坠子戏这套角色分类的玩法,简直就是中国人对人性最直接的“标签化”理解。不用猜。一眼看透。这套系统,比剧本还精彩。
生旦净丑:四个筐,装下了人间百态
坠子戏的舞台不大。可角色行当,一个不少。
生、旦、净、丑。四大类。听起来简单,拆开了能让你眼花缭乱。这是近代大多数剧种通用的分法,坠子戏拿过来,用得顺手。

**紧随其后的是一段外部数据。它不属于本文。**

(* For every $\alpha\in[3,\omega]$, the set $\mathsf{W}^N_3$ is first-order definable (without parameters) in the structure $(\mathsf{W}^N_\alpha,\prec,\Diamond_1,\Diamond_3)$.
   Context: Words are finite strings over $\mathbb{N}$; $\mathsf{W}_\omega$ is the set of all words, $\Lambda$ the empty word, $AB$ concatenation. For $k\in\mathbb{N}$, $\mathsf{S}_k$ is the set of words all of whose symbols are $\ge k$; for $\alpha\in\mathbb{N}\cup\{\omega\}$, $\mathsf{W}_\alpha$ is the set of words all of whose symbols are $\le\alpha$. Given a linear preorder $\precsim$ with $A\sim B$ iff $A\precsim B\wedge B\precsim A$ and $A\prec B$ iff $A\precsim B\wedge\neg B\precsim A$, a finite sequence $(A_1,\dots,A_p)$ is lexicographically not greater than $(B_1,\dots,B_q)$ iff either $p\le q$ and $A_i\sim B_i$ for all $i\le p$, or there is $s<\min(p,q)$ with $A_i\sim B_i$ for $i\le s$ and $A_{s+1}\prec B_{s+1}$. A lexicographically maximal subsequence of a finite sequence is a subsequence that is lexicographically not less than every subsequence. The linear preorder $\precsim$ on $\mathsf{W}_\omega$ is defined by recursion on (largest symbol of $AB$) $-$ (smallest symbol of $AB$): $\Lambda\precsim\Lambda$; if $AB$ is nonempty with minimal symbol $n$, write uniquely $A=A_1n\cdots nA_k$, $B=B_1n\cdots nB_l$ ($k,l\ge1$) with $A_i,B_j\in\mathsf{S}_{n+1}$ (possibly empty); let $C,D$ be lexicographically maximal subsequences of $(A_1,\dots,A_k)$, $(B_1,\dots,B_l)$; then $A\precsim B$ iff $C$ is lexicographically not greater than $D$. The set $\mathsf{NF}$: $\Lambda\in\mathsf{NF}$; a word with minimal symbol $n$, written $A_1n\cdots nA_k$ with $k\ge2$, $A_i\in\mathsf{S}_{n+1}$, is in $\mathsf{NF}$ iff $A_k\precsim\dots\precsim A_1$ and all $A_i\in\mathsf{NF}$. Every word is $\sim$-equivalent to exactly one word of $\mathsf{NF}$. For $A\in\mathsf{NF}$, $\Diamond_nA$ is the unique word of $\mathsf{NF}$ equivalent to $An$. $\mathsf{W}^N_\alpha=\mathsf{W}_\alpha\cap\mathsf{NF}$. *)

From mathcomp Require Import all_boot.
Set Implicit Arguments. Unset Strict Implicit. Unset Printing Implicit Defensive.

Definition word := seq nat.

(* Largest / smallest symbol of a word (0 / arbitrary for the empty word). *)
Definition maxsym (A : word) : nat := foldr maxn 0 A.
Definition minsym (A : word) : nat := foldr minn (head 0 A) A.

(* [wsplit n A] = [:: A_1; ...; A_k] where A = A_1 n A_2 n ... n A_k. *)
Fixpoint wsplit (n : nat) (A : word) : seq word :=
  match A with
  | [::] => [:: [::]]
  | x :: s =>
      if x == n then [::] :: wsplit n s
      else match wsplit n s with
           | h :: t => (x :: h) :: t
           | [::] => [:: [:: x]]
           end
  end.

Fixpoint subseqs (T : Type) (s : seq T) : seq (seq T) :=
  match s with
  | [::] => [:: [::]]
  | x :: s' => let r := subseqs s' in map (cons x) r ++ r
  end.

Fixpoint lexle (T : Type) (le : T -> T -> bool) (s t : seq T) : bool :=
  match s, t with
  | [::], _ => true
  | _ :: _, [::] => false
  | x :: s', y :: t' =>
      if le x y && le y x then lexle le s' t'
      else le x y && ~~ le y x
  end.

Definition lexmax (T : Type) (le : T -> T -> bool) (s C : seq T) : bool :=
  all (fun X => lexle le X C) (subseqs s).

(* The preorder on words, by recursion (with fuel) on max - min of AB. *)
Fixpoint wle_fuel (f : nat) (A B : word) : bool :=
  match f with
  | 0 => true
  | f'.+1 =>
      if A ++ B is [::] then true else
      let n := minsym (A ++ B) in
      let As := wsplit n A in
      let Bs := wsplit n B in
      let le := wle_fuel f' in
      has (fun C => lexmax le As C &&
             has (fun D => lexmax le Bs D && lexle le C D) (subseqs Bs))
          (subseqs As)
  end.

(* A ≾ B.  The fuel (max symbol of AB) + 1 exceeds max - min of AB. *)
Definition wle (A B : word) : bool := wle_fuel (maxsym (A ++ B)).+1 A B.
Definition wequiv (A B : word) : bool := wle A B && wle B A.
Definition wlt (A B : word) : bool := wle A B && ~~ wle B A.

Fixpoint isNF_fuel (f : nat) (A : word) : bool :=
  match f with
  | 0 => A == [::]
  | f'.+1 =>
      if A is [::] then true else
      let As := wsplit (minsym A) A in
      sorted (fun X Y => wle Y X) As && all (isNF_fuel f') As
  end.
Definition isNF (A : word) : bool := isNF_fuel (size A).+1 A.

(* alpha ∈ N ∪ {ω}: [Some a] is a, [None] is ω.  W_alpha. *)
Definition inW (alpha : option nat) (A : word) : bool :=
  if alpha is Some a then all (fun x => x <= a) A else true.

Definition inWN (alpha : option nat) (A : word) : bool := inW alpha A && isNF A.

(* Graph of ◇_n: B = ◇_n A iff B ∈ NF and B ~ A n. *)
Definition diamond_graph (n : nat) (A B : word) : bool :=
  isNF B && wequiv B (rcons A n).

(* First-order formulas in the signature (≺, ◇_1, ◇_3), with the unary
   functions represented by their graphs, plus equality.  Variables are nat. *)
Inductive form : Type :=
  | FLt  : nat -> nat -> form
  | FEq  : nat -> nat -> form
  | FD1  : nat -> nat -> form
  | FD3  : nat -> nat -> form
  | FNot : form -> form
  | FAnd : form -> form -> form
  | FEx  : nat -> form -> form.

Definition upd (e : nat -> word) (i : nat) (B : word) : nat -> word :=
  fun j => if j == i then B else e j.

Fixpoint sat (alpha : option nat) (e : nat -> word) (phi : form) : Prop :=
  match phi with
  | FLt i j => wlt (e i) (e j)
  | FEq i j => e i = e j
  | FD1 i j => diamond_graph 1 (e i) (e j)
  | FD3 i j => diamond_graph 3 (e i) (e j)
  | FNot p => ~ sat alpha e p
  | FAnd p q => sat alpha e p /\ sat alpha e q
  | FEx i p => exists B, inWN alpha B /\ sat alpha (upd e i B) p
  end.

Definition fo_definable (alpha : option nat) (S : word -> Prop) : Prop :=
  exists phi : form, forall e : nat -> word,
    (forall i, inWN alpha (e i)) -> (sat alpha e phi <-> S (e 0)).

(* Call c ◇_3-closed if ◇_3 y ≺ c whenever y ≺ c.  The one-letter word 4 is
   ◇_3-closed and separates W_3 from the rest: every word over {0,...,3} lies
   strictly below it, every word with a symbol > 3 lies above it, and appending
   a 3 keeps a word inside W_3.  On the other hand no element of W_3 above Λ is
   ◇_3-closed, because the words 3^j = ◇_3^j Λ are cofinal in W_3 (a word of
   length < j lies below 3^j).  So W^N_3 consists of the x lying strictly below
   every ◇_3-closed c that is not the minimum, which is first-order.  All
   comparisons use that ≾ is a total preorder which may be evaluated by
   splitting at any lower bound of the symbols, not only at the minimal one. *)

From mathcomp Require Import all_boot zify.
Set Implicit Arguments. Unset Strict Implicit. Unset Printing Implicit Defensive.

Lemma exists_max_in (T : eqType) (R : rel T) (s : seq T) :
  {in s &, total R} -> {in s & &, transitive R} -> s != [::] ->
  exists2 m, m \in s & {in s, forall y, R y m}.
Proof.
move=> Rtot Rtr s0; set geR := fun x y => R y x.
have geR_tot : {in s &, total geR} by move=> x y xs ys; rewrite /geR orbC Rtot.
have geR_tr : {in s & &, transitive geR}.
  by move=> y x z ys xs zs /= xy yz; apply: Rtr yz xy.
have := sort_sorted_in geR_tot (allss s); have := mem_sort geR s.
have := size_sort geR s; case: (sort geR s) => [/esym/eqP|m t _ mem_sorted sorted_mt].
  by rewrite size_eq0 (negbTE s0).
have ms : m \in s by rewrite -mem_sorted mem_head.
exists m => // y; rewrite -mem_sorted inE => /predU1P[->|yt].
  by have := Rtot m m ms ms; rewrite orbb.
have mts : all [in s] (m :: t) by apply/allP => z; rewrite mem_sorted.
by have /allP := order_path_min_in geR_tr mts sorted_mt; apply.
Qed.

Section Lexicographic.

Variables (T : eqType) (le : rel T).

Definition lexmax_le (s t : seq T) : bool :=
  has (fun C => lexmax le s C &&
         has (fun D => lexmax le t D && lexle le C D) (subseqs t))
      (subseqs s).

Lemma mem_subseqs (s C : seq T) : (C \in subseqs s) = subseq C s.
Proof.
elim: s C => [|x s IH] C /=; first by rewrite inE; case: C.
rewrite mem_cat IH; case: C => [|c C] /=; first by rewrite sub0seq orbT.
case: eqP => [->|cx]; last by case: mapP => // -[D _ [/cx]].
have cons_inj : injective (cons x) by move=> ? ? [].
rewrite (mem_map cons_inj) IH orb_idr //.
by move=> xC; apply: subseq_trans xC; apply: subseq_cons.
Qed.

Lemma lexle_uniform (s t : seq T) :
  size s <= size t -> {in s & t, forall x y, le x y} -> lexle le s t.
Proof.
elim: s t => [|x s IH] [|y t] //= st le_st.
rewrite le_st ?mem_head //= IH // => [|a b ai bj]; first by case: (le y x).
by apply: le_st; rewrite inE ?ai ?bj orbT.
Qed.

Lemma lexle_uniformN (s t : seq T) :
  size t < size s -> {in t & s, forall x y, le x y} -> ~~ lexle le s t.
Proof.
elim: t s => [|y t IH] [|x s] //= ts le_ts.
rewrite (le_ts y x) ?mem_head //= andbF.
case: (le x y) => //; apply: IH => // a b ai bj.
by apply: le_ts; rewrite inE ?ai ?bj orbT.
Qed.

Lemma lexle_cons_lt x y (s t : seq T) : le x y -> ~~ le y x -> lexle le (x :: s) (y :: t).
Proof. by move=> /= -> /negbTE ->. Qed.

Lemma lexle_single_cons x y (t : seq T) : lexle le [:: x] (y :: t) = le x y.
Proof. by rewrite /=; case: (le x y); case: (le y x). Qed.

Lemma lexmax_lexle (s C : seq T) : lexmax le s C -> lexle le s C.
Proof. by move/allP; apply; rewrite mem_subseqs subseq_refl. Qed.

Lemma lexmax_self (s : seq T) : {in s &, forall x y, le x y} -> lexmax le s s.
Proof.
move=> le_s; apply/allP => C; rewrite mem_subseqs => Cs.
apply: lexle_uniform; first exact: size_subseq.
by move=> x y /(mem_subseq Cs); apply: le_s.
Qed.

Lemma lexmax_le1 a b : le a a -> le b b -> lexmax_le [:: a] [:: b] = le a b.
Proof.
move=> aa bb; rewrite /lexmax_le /lexmax /= aa bb /=.
by case: (le a b); case: (le b a).
Qed.

Section TotalPreorder.

Variable X : pred T.
Hypothesis le_total : {in X &, total le}.
Hypothesis le_trans : {in X & &, transitive le}.

Lemma le_refl_in : {in X, reflexive le}.
Proof. by move=> x Xx; have := le_total Xx Xx; rewrite orbb. Qed.

Lemma lexle_total_in s t : all X s -> all X t -> lexle le s t || lexle le t s.
Proof.
elim: s t => [|x s IH] [|y t] //= /andP[Xx Xs] /andP[Xy Xt].
by have := le_total Xx Xy; case: (le x y); case: (le y x) => //= _; apply: IH.
Qed.

Lemma lexle_trans_in s t u : all X s -> all X t -> all X u ->
  lexle le s t -> lexle le t u -> lexle le s u.
Proof.
elim: s t u => [|x s IH] [|y t] [|z u] //= /andP[Xx Xs] /andP[Xy Xt] /andP[Xz Xu].
have tr a b c := @le_trans b a c.
have := tr _ _ _ Xx Xy Xz; have := tr _ _ _ Xz Xy Xx; have := tr _ _ _ Xy Xz Xx.
have := tr _ _ _ Xz Xx Xy; have := tr _ _ _ Xx Xz Xy; have := tr _ _ _ Xy Xx Xz.
have := IH t u Xs Xt Xu.
by case: (le x y); case: (le y x); case: (le y z); case: (le z y);
   case: (le x z); case: (le z x) => //= *; auto.
Qed.

Lemma subseqs_all s C : all X s -> C \in subseqs s -> all X C.
Proof. by move=> /allP Xs; rewrite mem_subseqs => /mem_subseq Cs; apply/allP => x /Cs /Xs. Qed.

先说生行。男性角色全归这儿。老生,胡子一大把,走路四平八稳,不是忠臣就是老父亲。小生,白面无须,专管谈情说爱,一颦一笑都带着书卷气。武生更热闹,翻跟头打把式,背后插一溜小旗,看着就威风。红生特殊,专演关公这类忠义人物,一张红脸,正气逼人。娃娃生呢?就是戏里的小孩儿,蹦蹦跳跳,负责让人心生怜爱。一个“生”字,把男人从八岁演到八十。
旦行的世界更复杂。都是女人。可女人跟女人不一样。青衣,又叫正旦,是戏里的“正经人”。贞节烈女、贤妻良母,举止端庄,笑不露齿。花旦就活泼多了,小姑娘、俏丫鬟,眼神滴溜溜转,浑身都是青春气。武旦和刀马旦更绝,一个是短打格斗的狠角色,一个是披挂上阵的女将军。老旦演老太太,彩旦演媒婆、丑女这类搞笑的女性。你看,光“女人”这俩字,坠子戏就给你分出六种打开方式。
净行,俗称花脸。满脸油彩,看着就不好惹。正净,大花脸,气场最强,演的多是权臣、大将,一嗓子吼出来能把房顶掀了。副净,二花脸,更接地气,演些莽汉、奸臣。武净,武花脸,专门负责打斗。脸上那块颜色,就是角色的“身份证”。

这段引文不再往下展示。